Traces of America in Welsh Artist Neale Howells’ Profuse Paintings
Neale Howells’ paintings are a banquet for the senses. A melange of graffiti, Pop Art, Abstract Expressionism, and Symbolism, his style recalls elements of works by Jean-Michel Basquiat, Banksy, A.R. Penck, Willem de Kooning, and Jackson Pollock. Howells creates his paintings on wood using acrylic, spray paint, pastels, pencil, and “anything he can get his hands on.” These huge works, some four by seven feet long, can take Howell up to 12 months to complete. Looking at some of the pieces closely, you can see why. Howells covers every inch of the canvas surface with cartoon figures, spatter, scribbled text, ribbons of different colored paint, stencils, and shapes. Your eyes can roam around one of his paintings for a long time and still not catch everything contained within it. They require multiple visits.

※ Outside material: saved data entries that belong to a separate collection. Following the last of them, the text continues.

Lemma sqrt2_ge1 : 1 <= Num.sqrt (2 : R).
Proof. by rewrite -[leLHS]sqrtr1 ler_sqrt // ler1n. Qed.

Lemma sqrt2pi_ge2 : 2 <= Num.sqrt (2 * pi : R).
Proof.
rewrite -[leLHS]ger0_norm // -sqrtr_sqr ler_sqrt ?mulr_ge0 ?pi_ge0 //.
have := @pi_ge2 R; lra.
Qed.

Lemma bound_small_kappa k s t th v p : 0 < th -> 0 < k <= 1 ->
  1 <= s -> 2 <= t -> 0 <= p -> v <= 4 / th ^+ 2 ->
  th ^+ 2 / (2 * k ^+ 2) * v -
    2 * expR (- k ^+ 2 / 2) * (1 + s + t / k + 1 / k ^+ 2) <= p.
Proof.
move=> th0 /andP[k0 k1] s1 t2 p0 v4.
have -> : th ^+ 2 / (2 * k ^+ 2) * v = (th ^+ 2 * v / 4) * (2 / k ^+ 2).
  by field; rewrite gt_eqF.
have tv1 : th ^+ 2 * v / 4 <= 1.
  by rewrite ler_pdivrMr // mulrC -ler_pdivlMr ?exprn_gt0 // mul1r.
have -> : 2 * expR (- k ^+ 2 / 2) * (1 + s + t / k + 1 / k ^+ 2) =
    2 / k ^+ 2 * (expR (- k ^+ 2 / 2) * (k ^+ 2 * (1 + s) + t * k + 1)).
  by field; rewrite gt_eqF.
have E_ge : 1 - k ^+ 2 / 2 <= expR (- k ^+ 2 / 2).
  by have := expR_ge1Dx (- k ^+ 2 / 2); lra.
have C_ge : 2 * k ^+ 2 + 2 * k + 1 <= k ^+ 2 * (1 + s) + t * k + 1.
  have : 0 <= k ^+ 2 * (s - 1) by apply: mulr_ge0; [exact: sqr_ge0 | lra].
  have : 0 <= k * (t - 2) by apply: mulr_ge0; lra.
  lra.
have EC1 : 1 <= expR (- k ^+ 2 / 2) * (k ^+ 2 * (1 + s) + t * k + 1).
  apply: le_trans (ler_pM _ _ E_ge C_ge); last 2 first.
  - by have := sqr_ge0 k; nra.
  - by have := sqr_ge0 k; nra.
  have k1' : 0 <= 1 - k by lra.
  have k2 : 0 <= 2 + 2 * k + k ^+ 2 by have := sqr_ge0 k; lra.
  have := mulr_ge0 (ltW k0) (mulr_ge0 k1' k2).
  have := sqr_ge0 k; nra.
have k2_ge0 : 0 <= 2 / k ^+ 2 by rewrite divr_ge0 ?sqr_ge0.
have := ler_wpM2l k2_ge0 EC1; have := ler_wpM2l k2_ge0 tv1.
lra.
Qed.
Fixpoint height (h : nat) (s : seq bool) : option nat :=
  match s with
  | [::] => Some h
  | true :: s' => height h.+1 s'
  | false :: s' => if h is h'.+1 then height h' s' else None
  end.

Lemma height_cat h s t : height h (s ++ t) = obind (height^~ t) (height h s).
Proof. by elim: s h => [|[] s IH] h //=; case: h. Qed.

Lemma height_addn d h h' s : height h s = Some h' -> height (h + d) s = Some (h' + d).
Proof.
elim: s h h' => [|[] s IH] h h' /=; first by case=> ->.
  by move/IH; rewrite addSn.
by case: h => [//|h] /= /IH.
Qed.

Definition nonneg_from h s : bool :=
  all (fun i => count negb (take i s) <= h + count id (take i s))%N (iota 0 (size s).+1).

Lemma nonneg_from_cons h b s : nonneg_from h (b :: s) =
  if b then nonneg_from h.+1 s else (0 < h)%N && nonneg_from h.-1 s.
Proof.
rewrite /nonneg_from [iota 0 _](_ : _ = [:: 0%N] ++ iota 1 (size s).+1) //.
rewrite all_cat [all _ [:: _]]/= andTb (iotaDl 1 0) all_map.
case: b; last case: h => [|h].
- by apply: eq_all => i /=; rewrite !add0n addnS addSn.
- by rewrite /= !add0n take0.
- by apply: eq_all => i /=; rewrite !add0n add1n addSn ltnS.
Qed.

Lemma heightE h s : height h s =
  if nonneg_from h s then Some (h + count id s - count negb s)%N else None.
Proof.
elim: s h => [|[] s IH] h; rewrite ?nonneg_from_cons /=.
- by rewrite /nonneg_from /= addn0 subn0.
- by rewrite IH; congr (if _ then Some _ else _); lia.
case: h => [//|h] /=; rewrite IH; congr (if _ then Some _ else _); lia.
Qed.

Lemma dyckE w : dyck w = (height 0 w == Some 0%N).
Proof.
have -> : dyck w = (count id w == count negb w) && nonneg_from 0 w.
  by congr (_ && _); apply: eq_all => i; rewrite add0n.
rewrite heightE; case: ifP => [nonneg|]; last by rewrite andbF.
have : (count negb w <= count id w)%N.
  by move/allP: nonneg => /(_ (size w)); rewrite mem_iota take_size !add0n ltnSn; apply.
by rewrite andbT => le; apply/eqP/eqP => [->|[]]; [rewrite subnn|lia].
Qed.

Lemma height_last_up s h : height 0 s = Some h.+1 ->
  exists u r, [/\ s = u ++ true :: r, height 0 u = Some 0%N & height 0 r = Some h].
Proof.
elim/last_ind: s h => [//|s b IH] h.
rewrite -cats1 height_cat; case hs: (height 0 s) => [m|//] /=.
case: b => /=; first move=> [<-].
  case: m hs => [|m] hs; first by exists s, [::].
  have [u [r [-> hu hr]]] := IH _ hs.
  by exists u, (r ++ [:: true]); rewrite -catA height_cat hr.
case: m hs => [//|m] hs [em]; subst m.
have [u [r [-> hu hr]]] := IH _ hs.
by exists u, (r ++ [:: false]); rewrite -catA height_cat hr.
Qed.

Definition glue u v : seq bool := u ++ true :: v ++ [:: false].

Lemma dyck_glue u v : dyck u -> dyck v -> dyck (glue u v).
Proof.
rewrite !dyckE => /eqP hu /eqP hv.
by rewrite height_cat hu /= height_cat (height_addn 1 hv).
Qed.

Lemma dyck_last_return w : dyck w -> w != [::] ->
  exists u v, [/\ w = glue u v, dyck u & dyck v].
Proof.
rewrite dyckE; case/lastP: w => [//|w b] /eqP + _.
rewrite -cats1 height_cat; case hw: (height 0 w) => [[|m]|] //=; case: b => //= [[m0]].
move: hw; rewrite m0 => /height_last_up [u [v [-> hu hv]]].
by exists u, v; rewrite /glue !dyckE hu hv -catA.
Qed.

Lemma glue_inj u v u' v' : dyck u -> dyck v -> dyck u' -> dyck v' ->
  glue u v = glue u' v' -> u = u' /\ v = v'.
Proof.
wlog le_uu' : u v u' v' / (size u <= size u')%N.
  move=> wlog_le du dv du' dv' e; case: (leqP (size u) (size u')) => [le|/ltnW le].
    exact: wlog_le.
  by have [-> ->] := wlog_le _ _ _ _ le du' dv' du dv (esym e).
move=> du dv du' _ e.
case: (ltnP (size u) (size u')) => [lt_uu'|ge_uu']; last first.
  have eq_uu' : size u = size u' by apply/eqP; rewrite eqn_leq le_uu'.
  move/eqP: e; rewrite /glue (eqseq_cat _ _ eq_uu') => /andP[/eqP -> /eqP[]].
  by rewrite !cats1 => /rcons_inj [->].
(* Otherwise u' = u ++ true :: take d v ends at height at least 1. *)
pose d := (size u' - (size u).+1)%N.
have lt_dv : (d < size v)%N.
  by move: (congr1 size e); rewrite /glue !size_cat /= !size_cat /= /d; lia.
have eu' : u' = u ++ true :: take d v.
  have -> : u' = take (size u') (glue u' v') by rewrite /glue take_size_cat.
  rewrite -e /glue take_cat ltnNge (ltnW lt_uu') /= -(subnSK lt_uu') /=.
  by rewrite take_cat lt_dv.
have : height 0 (take d v) != None.
  move: dv; rewrite dyckE -{1}(cat_take_drop d v) height_cat.
  by case: (height 0 (take d v)).
case hd: (height 0 (take d v)) => [m|//] _.
move: du du'; rewrite eu' !dyckE height_cat => /eqP -> /=.
by rewrite (height_addn 1 hd) => /eqP []; lia.
Qed.

Lemma trailH_glue u v : trailH (glue u v) = (trailH v).+1.
Proof.
rewrite /trailH /glue rev_cat rev_cons rev_cat /= -cats1 -catA find_cat /=.
by case: ifP => // /negbT /hasNfind ->; rewrite addn0.
Qed.

Lemma size_dyck w : dyck w -> size w = (count id w).*2.
Proof.
by case/andP => /eqP e _; rewrite -addnn {2}e -(count_predC id w).
Qed.

Definition words m : seq (seq bool) := map val (index_enum (m.-tuple bool)).

Lemma mem_words m s : (s \in words m) = (size s == m).
Proof.
apply/mapP/idP => [[t _ ->]|sm]; first by rewrite size_tuple.
by exists (Tuple sm); rewrite ?mem_index_enum.
Qed.

Lemma uniq_words m : uniq (words m).
Proof. by rewrite map_inj_uniq ?index_enum_uniq //; apply: val_inj. Qed.

Definition dyck_words n : seq (seq bool) := [seq w <- words n.*2 | dyck w].

Lemma mem_dyck_words n w : (w \in dyck_words n) = (size w == n.*2) && dyck w.
Proof. by rewrite mem_filter mem_words andbC. Qed.

Lemma uniq_dyck_words n : uniq (dyck_words n).
Proof. exact/filter_uniq/uniq_words. Qed.

Lemma sum_dyck_tuples (V : nmodType) (P : pred (seq bool)) (c : V) n :
  \sum_(w : (n.*2).-tuple bool | dyck w && P w) c = c *+ count P (dyck_words n).
Proof.
rewrite big_const_seq iter_addr_0 count_filter /words count_map.
by congr (_ *+ _); apply: eq_count => w; rewrite /= andbC.
Qed.

Definition last_return_words n : seq (seq bool) :=
  [seq glue uv.1 uv.2 | a <- iota 0 n.+1,
     uv <- [seq (u, v) | u <- dyck_words a, v <- dyck_words (n - a)]].

Lemma perm_last_return_words n : perm_eq (dyck_words n.+1) (last_return_words n).
Proof.
have mem_pairs a u v :
    ((u, v) \in [seq (x, y) | x <- dyck_words a, y <- dyck_words (n - a)]) =
    [&& size u == a.*2, dyck u, size v == (n - a).*2 & dyck v].
  rewrite andbA -!mem_dyck_words.
  by apply/allpairsP/andP => [[[x y] [hx hy [-> ->]]]|[hu hv]]; [split|exists (u, v)].
apply: uniq_perm; first exact: uniq_dyck_words.
  apply: allpairs_uniq_dep => [|a _|]; first exact: iota_uniq.
    apply: allpairs_uniq; rewrite ?uniq_dyck_words //.
    by move=> [u v] [u' v'] _ _ [-> ->].
  move=> _ _ /allpairsPdep[a [[u v] [_ + ->]]] /allpairsPdep[a' [[u' v'] [_ + ->]]] /=.
  rewrite !mem_pairs => /and4P[/eqP su du _ dv] /and4P[/eqP su' du' _ dv'].
  case/glue_inj => // eu ev; subst u' v'.
  by have -> : a = a' by apply: double_inj; rewrite -su -su'.
move=> w; rewrite mem_dyck_words; apply/andP/allpairsPdep => [[/eqP sw dw]|].
  have [|u [v [ew du dv]]] := dyck_last_return dw; first by rewrite -size_eq0 sw.
  have su := size_dyck du; have sv := size_dyck dv.
  exists (count id u), (u, v); rewrite mem_iota mem_pairs du dv su eqxx /=.
  by move: sw; rewrite ew /glue !size_cat /= size_cat /= su sv; split => //; lia.
move=> [a [[u v] [+ + ->]]]; rewrite mem_iota mem_pairs => ha /and4P[/eqP su du /eqP sv dv].
by split; [rewrite /glue !size_cat /= size_cat /= su sv; lia | exact: dyck_glue].
Qed.

Definition ntrailH_ge j n := count (fun w => j <= trailH w)%N (dyck_words n).

Lemma ntrailH_ge_0 j : ntrailH_ge j 0 = (j == 0%N).
Proof.
rewrite /ntrailH_ge (permP (_ : perm_eq (dyck_words 0) [:: [::]])) /=.
  by rewrite /trailH leqn0 addn0.
by apply: uniq_perm => [||w]; rewrite ?uniq_dyck_words // mem_dyck_words inE; case: w.
Qed.

Lemma ntrailH_ge_succ j n :
  ntrailH_ge j.+1 n.+1 = (\sum_(0 <= a < n.+1) ntrailH_ge 0 a * ntrailH_ge j (n - a))%N.
Proof.
rewrite /ntrailH_ge (permP (perm_last_return_words n)) count_flatten -map_comp sumnE big_map.
rewrite /index_iota subn0; apply: eq_bigr => a _ /=.
rewrite count_map count_flatten -map_comp sumnE big_map.
rewrite (eq_bigr (fun=> ntrailH_ge j (n - a))) => [|u _]; last first.
  by rewrite /= count_map; apply: eq_count => v; rewrite /= trailH_glue.
by rewrite big_const_seq iter_addn_0 mulnC.
Qed.

Lemma ntrailH_ge01 n : ntrailH_ge 0 n.+1 = ntrailH_ge 1 n.+1.
Proof.
apply: eq_in_count => w; rewrite mem_dyck_words => /andP[/eqP sw dw] /=.
have [|u [v [-> _ _]]] := dyck_last_return dw; first by rewrite -size_eq0 sw.
by rewrite trailH_glue.
Qed.

Lemma ntrailH_ge_split j n :
  ntrailH_ge j n = (count (fun w => trailH w == j) (dyck_words n) + ntrailH_ge j.+1 n)%N.
Proof.
rewrite /ntrailH_ge; elim: (dyck_words n) => //= w s ->.
by case: ltngtP => _ /=; lia.
Qed.

Lemma series_recl (V : zmodType) (u : V^nat) N :
  series u N.+1 = u 0%N + series (fun n => u n.+1) N.
Proof. by rewrite /series /= big_nat_recl. Qed.

Section Convolution.
Variable R : numFieldType.
Implicit Types f h : R^nat.

Definition conv f h : R^nat := fun n => \sum_(0 <= i < n.+1) f i * h (n - i)%N.

Lemma conv_ge0 f h n : (forall k, 0 <= f k) -> (forall k, 0 <= h k) -> 0 <= conv f h n.
Proof. by move=> f0 h0; apply: sumr_ge0 => i _; apply: mulr_ge0. Qed.

Lemma le_series f m n : (forall k, 0 <= f k) -> (m <= n)%N -> series f m <= series f n.
Proof. by move=> f0; apply: (nondecreasing_series (fun k _ _ => f0 k)). Qed.

Lemma series_conv f h N :
  series (conv f h) N = \sum_(0 <= i < N) \sum_(0 <= b < N - i) f i * h b.
Proof.
elim: N => [|N IH]; first by rewrite /series /= !big_geq.
have inner i : (0 <= i < N)%N ->
    \sum_(0 <= b < N.+1 - i) f i * h b = \sum_(0 <= b < N - i) f i * h b + f i * h (N - i)%N.
  by case/andP => _ lt_iN; rewrite subSn ?(ltnW lt_iN) // big_nat_recr.
rewrite seriesSr IH /conv big_nat_recr //= [RHS]big_nat_recr //= (eq_big_nat _ _ inner).
by rewrite big_split /= subnn subSnn big_nat1 addrA.
Qed.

Though born and based in Wales, traces of American culture crop up frequently in his work. Several of his paintings’ titles allude to America: American Skins (2010), Mr. America (2013),and American Summer (2012), for instance, and stars and stripes appear frequently. In Pacman We Trust (2011) shows the shield and title from Captain America comics in the foreground, painted over with stars and drips of paint. Wonder Woman’s unmistakable visage is left relatively clear in American Summer and a direct reference to the Iraq War appear in its scrawled text. The text “Forgive USA” is written on Iraqi Miss World (2011) and in Don’t Be Afraid (2010), the focal point is a cartoonish figure wearing a star sweatshirt congenially extending a bottle.
At times it’s difficult to determine Howells’ intentions when including these references; they range in tone from satirical to serious, and are often ambiguous. When Howells discusses his work, he often compares it to film. He has said that his decision to work on a large scale is an effort to “compete” with cinema, and aims for his work to be as thrilling an experience as seeing a movie. Indeed, they are hard to turn away from. Every painting contains a persistent, compelling energy, which can be experienced in various ways, depending on how and where you look.